I haven’t been doing a lot of writing lately because my hands have been busy with art. Some of it involves the making of mystical or psychospiritual items that require a lot of concentration to make properly. As a non Santa-ist, I respect the aeons of trial and error that went into the symbolism, and combine that with modern psychology. As a result, I’ve come up with some pretty effective amulets that are selling well. I hope they continue to.
By the way, I still think Papa Legba is a pretty good Orisha for gender balance and men’s rights. Likeminded folks should get to beading some red and black or red and white 6/0 beaded necklaces in patterns of threes. My favorite is 3 red, 3 black, 6 alternating, and so on. A nice design for women would also be 6 white, 1 red, 1 black, 1 red, and so on. This is symbolic of the “heart of Shango”.
Shango is the legendary Orisha of fire and lightning, who was said to have had three wives. The first one was dutiful (Oba), the second was beautiful (Oshun), and the third (his favorite Oya) was balanced plus very strong.
…which brings me to my latest reality check. A couple of weeks ago, I had an interesting conversation with Wizard about women and what kind of women men like. In the course of it, I made the presumptuous argument that it’s easier for men to have unemotional sex with women because for them, sex is like pizza (even when it’s bad, it’s still okay). “No matter what, ” I dismissively said with a wave of the hand, “you get an orgasm out of it.”
He laughed, and told me that I was wrong, so very wrong. He said that men can have real trouble ejaculating with a woman he’s either not that connected to, or can’t relax with. I replied that this is probably very rare, but he said that it’s actually quite common. So then I said maybe it’s just so with women a guy doesn’t feel very attracted to, and he says no, it is often so with very hot women.
Of course, I didn’t believe him. I thought back to all my ex boyfriends, and the fountains of pleasure erupted through my mind like an advertising montage for a porn DVD. There was just no way in hell he was right. I am, in some men’s opinion, the ugliest woman on the planet, and if none of mine who weren’t incredibly drunk had any trouble getting there, certainly more beautiful women should be producing barrels of it. Right?
So I asked around, and ultimately had to admit that Wizard was right. The male sex drive is pretty strong, and though it’s pretty easy to produce erections, it’s not so easy to make a man explode.

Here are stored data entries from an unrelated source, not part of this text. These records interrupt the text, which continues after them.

Lemma trap_err_D1f_eq t : a <= t <= b ->
  trap_err c d (D1f t) = RInt (fun s => (s - (c + d) / 2) * D21f t s) c d.
Proof.
  intros Ht; symmetry; apply is_RInt_unique, is_RInt_trap_err;
    [lra | apply (cont_on_seg_section_snd a b c d _ D1f_unif)
         | apply (cont_on_seg_section_snd a b c d _ D21f_unif) |]; try lra.
  intros s Hs; apply (deriv_within_is_derive c d); [lra|].
  apply D1f_D2; split; simpl; lra.
Qed.

Lemma is_derive_trap_err t : a < t < b ->
  is_derive (fun u => trap_err c d (f u)) t (trap_err c d (D1f t)).
Proof.
  intros Ht; unfold trap_err.
  assert (f_derive : forall s, c <= s <= d -> is_derive (fun u => f u s) t (D1f t s)).
  { intros s Hs; apply (deriv_within_is_derive a b); [lra|].
    apply f_D1; split; simpl; lra. }
  apply is_derive_Reals.
  apply (derivable_pt_lim_minus (fun u => (d - c) / 2 * (f u c + f u d))
                                (fun u => RInt (f u) c d)).
  - apply (derivable_pt_lim_scal (fun u => f u c + f u d)).
    apply (derivable_pt_lim_plus (fun u => f u c) (fun u => f u d));
      apply is_derive_Reals, f_derive; lra.
  - apply is_derive_Reals, (is_derive_RInt_param_interior a b); auto.
    + intros u s Hu Hs; apply (deriv_within_is_derive a b); [lra|].
      apply f_D1; split; simpl; lra.
    + intros u Hu; apply ex_RInt_cont_on_seg, (cont_on_seg_section_snd a b c d _ f_unif); lra.
Qed.

Lemma double_trap_err_eq_RInt :
  trap_err a b (fun t => trap_err c d (f t))
    = RInt (fun t => (t - (a + b) / 2) * trap_err c d (D1f t)) a b.
Proof.
  symmetry; apply is_RInt_unique, is_RInt_trap_err;
    [lra | apply (cont_on_seg_trap_err_param a b c d _ f_unif)
         | apply (cont_on_seg_trap_err_param a b c d _ D1f_unif) | exact is_derive_trap_err]; lra.
Qed.

Lemma abs_trap_err_D1f_le t : a <= t <= b ->
  Rabs (trap_err c d (D1f t)) <= (d - c) / 2 * RInt (fun s => Rabs (D21f t s)) c d.
Proof.
  intros Ht; rewrite trap_err_D1f_eq by exact Ht.
  apply abs_RInt_centered_le; [lra | apply (cont_on_seg_section_snd a b c d _ D21f_unif); lra].
Qed.

Lemma abs_double_trap_err_le :
  Rabs (trap_err a b (fun t => trap_err c d (f t)))
    <= / 4 * (b - a) * (d - c) * RInt (fun t => RInt (fun s => Rabs (D21f t s)) c d) a b.
Proof.
  set (J := fun t => RInt (fun s => Rabs (D21f t s)) c d).
  assert (J_cont : cont_on_seg a b J).
  { apply (cont_on_seg_RInt_param a b c d (fun t s => Rabs (D21f t s)));
      [apply unif_cont_rect_abs, D21f_unif | lra ..]. }
  assert (J_int : ex_RInt J a b) by (apply ex_RInt_cont_on_seg; [lra | exact J_cont]).
  assert (E_cont : cont_on_seg a b (fun t => trap_err c d (D1f t)))
    by (apply (cont_on_seg_trap_err_param a b c d _ D1f_unif); lra).
  rewrite double_trap_err_eq_RInt.
  eapply Rle_trans; [apply abs_RInt_centered_le; [lra | exact E_cont] |].
  replace (/ 4 * (b - a) * (d - c) * RInt J a b)
    with ((b - a) / 2 * RInt (fun t => (d - c) / 2 * J t) a b).
  2: { replace (RInt (fun t => (d - c) / 2 * J t) a b) with ((d - c) / 2 * RInt J a b)
         by (symmetry; exact (RInt_scal J a b ((d - c) / 2) J_int)).
       field. }
  apply Rmult_le_compat_l; [lra|].
  apply RInt_le; [lra | apply ex_RInt_cont_on_seg; auto with cont_on_seg; lra .. |].
  intros t Ht; apply abs_trap_err_D1f_le; lra.
Qed.

End MixedDerivative.

Theorem corollary3p1 (a b c d : R) (f D1f D2f D21f : R -> R -> R) :
  a < b -> c < d ->
  cont_on_rect a b c d f ->
  (forall t s, in_rect a b c d (t, s) ->
     deriv_within a b (fun u => f u s) t (D1f t s)) ->
  (forall t s, in_rect a b c d (t, s) ->
     deriv_within c d (fun v => f t v) s (D2f t s)) ->
  (forall t s, in_rect a b c d (t, s) ->
     deriv_within c d (fun v => D1f t v) s (D21f t s)) ->
  cont_on_rect a b c d D1f ->
  cont_on_rect a b c d D2f ->
  cont_on_rect a b c d D21f ->
  RInt (fun t => RInt (fun s => f t s) c d) a b
  - / 2 * ((d - c) * RInt (fun t => f t c + f t d) a b
           + (b - a) * RInt (fun s => f a s + f b s) c d)
  + / 4 * (b - a) * (d - c) * (f a c + f a d + f b c + f b d)
  <= / 4 * (b - a) * (d - c)
       * RInt (fun t => RInt (fun s => Rabs (D21f t s)) c d) a b.
Proof.
  intros Hab Hcd f_cont f_D1 _ D1f_D2 D1f_cont _ D21f_cont.
  assert (f_unif := unif_cont_rect_of_cont a b c d f ltac:(lra) ltac:(lra) f_cont).
  assert (D1f_unif := unif_cont_rect_of_cont a b c d D1f ltac:(lra) ltac:(lra) D1f_cont).
  assert (D21f_unif := unif_cont_rect_of_cont a b c d D21f ltac:(lra) ltac:(lra) D21f_cont).
  rewrite (double_trap_err_expand a b c d f Hab Hcd f_unif).
  eapply Rle_trans; [apply Rle_abs |].
  exact (abs_double_trap_err_le a b c d f D1f D21f Hab Hcd f_unif D1f_unif D21f_unif
           f_D1 D1f_D2).
Qed.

Being very hot can even work against a woman if she has the wrong attitude.
By the wrong attitude, I don’t mean being openly cruel necessarily, but being too high risk as in flaky and potentially disloyal. In the stories I heard from men who’d dumped or divorced hot women who didn’t seem so bad, the problem was that they could never relax. They never believed the woman cared enough about them to never harm them, or they felt they had to keep hand to the point that cumming seemed too much like surrendering.

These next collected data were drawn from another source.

Lemma payoff_open_sure g cc t k : cc j1 = 0%R -> t [::] = Open R j1 ->
  measurable_fun setT (fun z => payoff A2 g cc t k [:: (j1, z)]) ->
  payoff A2 g cc t k.+1 [::] = payoff A2 g cc t k [:: (j1, x)].
Proof. by move=> c0 t1 mf; rewrite /= t1 /= integral_dirac_project // c0 sube0. Qed.

Lemma agent_payoff_take_sure : agent_payoff w A2 take_sure = (w x)%:E.
Proof.
rewrite /agent_payoff payoff_open_sure //; last by case: (take_sure_admissible 1%N [::] j1).
by rewrite /= in_cons eqxx orbT.
Qed.

Lemma optimal_principal_payoff_le t : agent_optimal w A2 t ->
  principal_payoff w A2 t <= (retained w x)%:E.
Proof.
move=> [adm opt]; have := opt _ take_sure_admissible.
rewrite agent_payoff_take_sure /agent_payoff => t_ge.
have [x0 _] := x_det; have ret0_le : (retained w 0 <= retained w x)%R by exact: retained_mono.
rewrite /principal_payoff; case E: (t [::]) => [i|y]; last first.
  by rewrite /= E /=; case: ifP => [/orP[/eqP->|//]|_]; rewrite lee_fin.
have [ij0|ij1] := ord2P i.
  by move: t_ge; rewrite leNgt => /negP[]; apply: open_a0_lt; rewrite -?ij0.
rewrite ij1 in E; rewrite payoff_open_sure //; last by case: (adm 1%N [::] j1).
move: t_ge; rewrite payoff_open_sure //; last by case: (adm 1%N [::] j1).
case E2: (t [:: (j1, x)]) => [i'|v]; last first.
  rewrite /= E2 /= => _; case: ifP => [/orP[/eqP->|]|_]; rewrite lee_fin //.
  by rewrite inE => /eqP->.
have [i'j0|i'j1] := ord2P i'; rewrite ?i'j0 ?i'j1 in E2; last first.
  by rewrite /= E2 /= => _; rewrite lee_fin.
rewrite leNgt => /negP[].
by apply: (open_a0_lt 0%N adm E2) => //=; rewrite x0 lexx.
Qed.

Lemma VP_given_pair_le : VP_given w A2 <= (retained w x)%:E.
Proof. by apply: ge_ereal_sup => _ [t topt <-]; exact: optimal_principal_payoff_le. Qed.

End sure_prize.

End doubly_monotone_contract.

Theorem mainTheorem1 (R : realType) (a0 : project R) (w : R -> R) :
  valid_project a0 ->
  measurable_fun setT w ->
  (forall y, 0 <= y -> 0 <= w y) ->
  doubly_monotone w ->
  VP_given w (single a0) = VP w a0 \/
  (forall eps : R, 0 < eps ->
     exists x : R, [/\ 0 <= x,
       (exists r, is_index w a0 r /\ r < w x)
     & (VP_given w (pair a0 (dirac_project x)) < VP w a0 + eps%:E)%E]).
Proof.
move=> va0 mw w_ge0 dm.
have [|VP_ne] := eqVneq (VP_given w (single a0)) (VP w a0); [by left | right].
have VP_lt : (VP w a0 < VP_given w (single a0))%E.
  by rewrite lt_neqAle eq_sym VP_ne VP_le_VP_given_single.
have inf_le := deterring_inf_le_VP va0 mw w_ge0 dm VP_lt.
have inf_fin := deterring_inf_fin_num va0 mw w_ge0 dm VP_lt.
move=> eps eps0; have [_ [x x_det <-] x_lt] := lb_ereal_inf_adherent eps0 inf_fin.
exists x; split; first by case: x_det.
  by case: va0 => a0_nonneg _ c0; exact: deterring_index_lt.
apply: le_lt_trans (VP_given_pair_le va0 mw w_ge0 dm x_det) _.
by apply: lt_le_trans x_lt _; apply: leeD.
Qed.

Now, for the really screwed up part, some guys have been with women for months or years and never cum with them. In these cases, the woman is always hot (8+ on the general looks scale), but not a virgin. Apparently, for an unknown percentage of men, you do not get a hot chick free pass being a single mother or a known slut. Even if they will date you and are beta enough to keep you as arm candy because they know other guys are jealous, at the moment that counts, the dick says, “Aw HELL naw! I’d rather give it to the shower drain while she’s sleeping it off.”
So here is yet another example of how I was spoiled and didn’t know it. Something I thought was normal really wasn’t.

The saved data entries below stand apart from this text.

Fixpoint monomials (t : term) : seq (int * term) :=
  match t with
  | Atom i => [:: (1, Atom i)]
  | Br t u => [seq br_mono p q | p <- monomials t, q <- monomials u]
  | Act t u => [seq act_mono p q | p <- monomials t, q <- monomials u]
  | Add t u => monomials t ++ monomials u
  | Opp t => [seq (- p.1, p.2) | p <- monomials t]
  | Zero => [::]
  end.

Fixpoint add_mono (p : int * term) (s : seq (int * term)) : seq (int * term) :=
  match s with
  | [::] => [:: p]
  | q :: s' => if term_cmp p.2 q.2 is Eq then (p.1 + q.1, q.2) :: s'
               else q :: add_mono p s'
  end.

Definition collect (s : seq (int * term)) : seq (int * term) :=
  foldr add_mono [::] s.

Definition monomials_cancel (t : term) : bool :=
  all (fun p => p.1 == 0) (collect (monomials t)).

(* A single syntax serves both sorts; in [evalA] an [Act] node is junk and
   evaluates to 0. *)
Section Eval.
Variables (A V : zmodType) (brA : A -> A -> A) (brV : V -> V -> V).
Variables (rho : A -> V -> V) (envA : seq A) (envV : seq V).

Fixpoint evalA (t : term) : A :=
  match t with
  | Atom i => envA`_i
  | Br t u => brA (evalA t) (evalA u)
  | Add t u => evalA t + evalA u
  | Opp t => - evalA t
  | Act _ _ | Zero => 0
  end.

Fixpoint evalV (t : term) : V :=
  match t with
  | Atom i => envV`_i
  | Br t u => brV (evalV t) (evalV u)
  | Act t u => rho (evalA t) (evalV u)
  | Add t u => evalV t + evalV u
  | Opp t => - evalV t
  | Zero => 0
  end.

End Eval.

Section Combination.
Variables (T : zmodType) (ev : term -> T).

Definition combz (s : seq (int * term)) : T := \sum_(p <- s) ev p.2 *~ p.1.

Lemma combz_cat s1 s2 : combz (s1 ++ s2) = combz s1 + combz s2.
Proof. exact: big_cat. Qed.

Lemma combz_opp s : combz [seq (- p.1, p.2) | p <- s] = - combz s.
Proof. by rewrite /combz big_map -sumrN; apply: eq_bigr => p _; rewrite mulrNz. Qed.

Lemma combz_add_mono p s : combz (add_mono p s) = ev p.2 *~ p.1 + combz s.
Proof.
elim: s => [|q s IHs] /=; first by rewrite /combz big_seq1 big_nil addr0.
case: (term_cmp p.2 q.2) (@term_cmp_eq p.2 q.2) => [->//|_|_];
  rewrite /combz !big_cons ?mulrzDr ?addrA //.
all: by rewrite -/(combz (add_mono p s)) IHs addrCA addrA.
Qed.

Lemma combz_collect s : combz (collect s) = combz s.
Proof.
elim: s => [|p s IHs] /=; first by [].
by rewrite combz_add_mono IHs /combz big_cons.
Qed.

Lemma combz_eq0 s : all (fun p => p.1 == 0) s -> combz s = 0.
Proof.
elim: s => [|p s IHs] /=; first by rewrite /combz big_nil.
by case/andP=> /eqP p0 /IHs; rewrite /combz big_cons p0 mulr0z add0r.
Qed.

Lemma combz_br (br : T -> T -> T) (alt_br : alternating br)
    (evBr : forall t u, ev (Br t u) = br (ev t) (ev u)) s1 s2 :
  br (combz s1) (combz s2) = combz [seq br_mono p q | p <- s1, q <- s2].
Proof.
rewrite /combz biadditive_sumz ?big_allpairs_dep; last exact: alt_br.1.
apply: eq_bigr => p _; apply: eq_bigr => q _; rewrite /br_mono.
case: (term_cmp p.2 q.2) (@term_cmp_eq p.2 q.2) => [->|_|_] //; rewrite evBr //.
  by rewrite alt_br.2 mul0rz mulr0z.
by rewrite (alternating_anti alt_br) mulrNz -mulNrz.
Qed.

On the one hand, male orgasms are pretty normal. Under friendly, kind circumstances, hookers the world over managed to inspire orgasms even though they’ve been with many, many men. Thing is, a hooker is generally a casual, friendly, kind sort of woman with a spunky attitude, but who doesn’t judge.
On the other hand, male orgasms are partly physical and partly psychological. Very few men think about absolutely nothing when they’re masturbating. Most men think about a hot woman who’s doing all the stuff they like to do *joyfully*, not begrudgingly.
Thinking back to the end of Vegeta, the one time after my discovery of his ars-ness, I don’t know how, but he sensed I didn’t want to be touching him. I mean, I did and I didn’t. I knew I had an expiration date with him once I found out that his peer group was the defective and too stupid to realize they’re rejects contingent of the herd. Despite his many personal flaws and the flaws in the sociopathic subculture he’d chosen to wear the uniform of, I knew he thought he was too good for me. From that point on, the thrill was gone, and the only reason to continue contact was for the sake of loyalty and hope that maybe I could convince him that at least as a nerd wearing clothes that actually fit, he’d have his dignity.
With the new awareness of male sexuality, I figure that if he, of all screwed up people, could sense that I was distancing myself, then certainly better men could get that “necro” feeling when shagging a woman who has no passion for them. Whether or not a guy would successfully ejaculate under paranecrophillic conditions would depend on whether or not he could take his mind away from the moment he’s in (go to a happy place in his mind).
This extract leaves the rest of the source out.